→ **ACTIVITY**
Within the data that follows, how many lines carry the string "apply"? Give the number alone.

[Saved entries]
Lemma mobius_type_inverse f g : inverse_maps f g -> mobius_type f -> mobius_type g.
Proof.
move=> fg [[l [f0 [l0 Hf]]]|[a [b [l [l0 [fa [fb [Hb Hf]]]]]]]].
- left; exists (/ l); split; first by case: (fg None) => e _; rewrite f0 in e.
  split=> [|z w z' w' /(inverse_maps_Some (inverse_maps_sym fg)) fz
              /(inverse_maps_Some (inverse_maps_sym fg)) fw].
    exact: Rinv_0_lt_compat.
  by rewrite (Hf _ _ _ _ fz fw); field; lra.
- right; exists b, a, l; split=> //.
  split; first by rewrite -fb; case: (fg None).
  split; first by rewrite -fa; case: (fg (Some a)).
  have pos z z' := @dist_pole_pos f a z z' fa.
  have posb z z' : f (Some z) = Some z' -> 0 < dist z' b.
    by move=> fz; rewrite (Hb _ _ fz); apply: Rdiv_lt_0_compat => //; apply: pos fz.
  have back := inverse_maps_Some (inverse_maps_sym fg).
  split=> [z z' /back fz|z w z' w' /back fz /back fw].
    have ? := pos _ _ fz; have ? := posb _ _ fz.
    by rewrite (Hb _ _ fz); field; lra.
  have ? := pos _ _ fz; have ? := posb _ _ fz; have ? := pos _ _ fw; have ? := posb _ _ fw.
  by rewrite (Hf _ _ _ _ fz fw) (Hb _ _ fz) (Hb _ _ fw); field; lra.
Qed.

End MobiusNormalForm.

Lemma Rsup_lub (E : R -> Prop) : bound E -> (exists s, E s) -> is_lub E (Rsup E).
Proof.
move=> Eb Ene; rewrite /Rsup; case: excluded_middle_informative => [?|[]] //.
by case: (completeness E _ _).
Qed.

(* [Rsup E = 0] when [E] is empty or unbounded, hence the sign condition. *)
Lemma Rsup_le (E : R -> Prop) K : (forall s, E s -> s <= K) -> 0 <= K -> Rsup E <= K.
Proof.
move=> EK K0; rewrite /Rsup; case: excluded_middle_informative => // ?.
by case: (completeness E _ _) => S [_ SK] /=; apply: SK.
Qed.

Lemma Rsup_ge0 (E : R -> Prop) : (forall s, E s -> 0 <= s) -> 0 <= Rsup E.
Proof.
move=> E0; rewrite /Rsup; case: excluded_middle_informative => [[Eb [s Es]]|_]; last lra.
case: (completeness E _ _) => S [ES _] /=.
exact: Rle_trans (E0 _ Es) (ES _ Es).
Qed.

Lemma div_sqrt_le_div_sqrt t P P' : 0 <= t -> 0 < P -> P <= P' ->
  t / sqrt P' <= t / sqrt P.
Proof.
move=> t0 P0 PP'; apply: Rmult_le_compat_l => //.
by apply: Rinv_le_contravar; [apply: sqrt_lt_R0 | apply: sqrt_le_1_alt].
Qed.

Section Cassinian.
Variable n : nat.
Implicit Types x y z p q : pt n.

Definition cassinian_ratio x y p := dist x y / sqrt (dist x p * dist y p).

Definition cassinian_set (D : pt n -> Prop) x y :=
  fun s => exists p, boundary D p /\ s = cassinian_ratio x y p.

Lemma cassinian_ratio_ge0 x y p : 0 <= cassinian_ratio x y p.
Proof.
apply: Rmult_le_pos; first exact: dist_ge0.
case: (sqrt_pos (dist x p * dist y p)) => [?|<-]; last by rewrite Rinv_0; lra.
by apply: Rlt_le; apply: Rinv_0_lt_compat.
Qed.

Lemma cassinian_ratioC x y p : cassinian_ratio x y p = cassinian_ratio y x p.
Proof. by rewrite /cassinian_ratio dist_sym Rmult_comm. Qed.

Lemma cassinian_setC D x y : cassinian_set D x y = cassinian_set D y x.
Proof.
apply: functional_extensionality => s; apply: propositional_extensionality.
by split=> -[p [Dp ->]]; exists p; rewrite cassinian_ratioC.
Qed.

Lemma cassinian_sup_ge0 D x y : 0 <= Rsup (cassinian_set D x y).
Proof. by apply: Rsup_ge0 => _ [p [_ ->]]; apply: cassinian_ratio_ge0. Qed.

Variable D : pt n -> Prop.
Hypothesis openD : is_open D.

Lemma boundary_notin p : boundary D p -> ~ D p.
Proof.
move=> [_ Dc] Dp; have [e [e0 De]] := openD Dp.
by have [w [pw Dw]] := Dc e e0; apply: Dw; apply: De.
Qed.

Lemma notin_neq x p : D x -> ~ D p -> x <> p.
Proof. by move=> Dx Dp xp; apply: Dp; rewrite -xp. Qed.

Lemma dist_notin_ge x : D x -> exists e, 0 < e /\ forall q, ~ D q -> e <= dist x q.
Proof.
move=> Dx; have [e [e0 De]] := openD Dx; exists e; split=> // q Dq.
by apply: Rnot_lt_le => xq; apply: Dq; apply: De; rewrite /ball dist_sym.
Qed.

→ **ANSWER SECTION**
11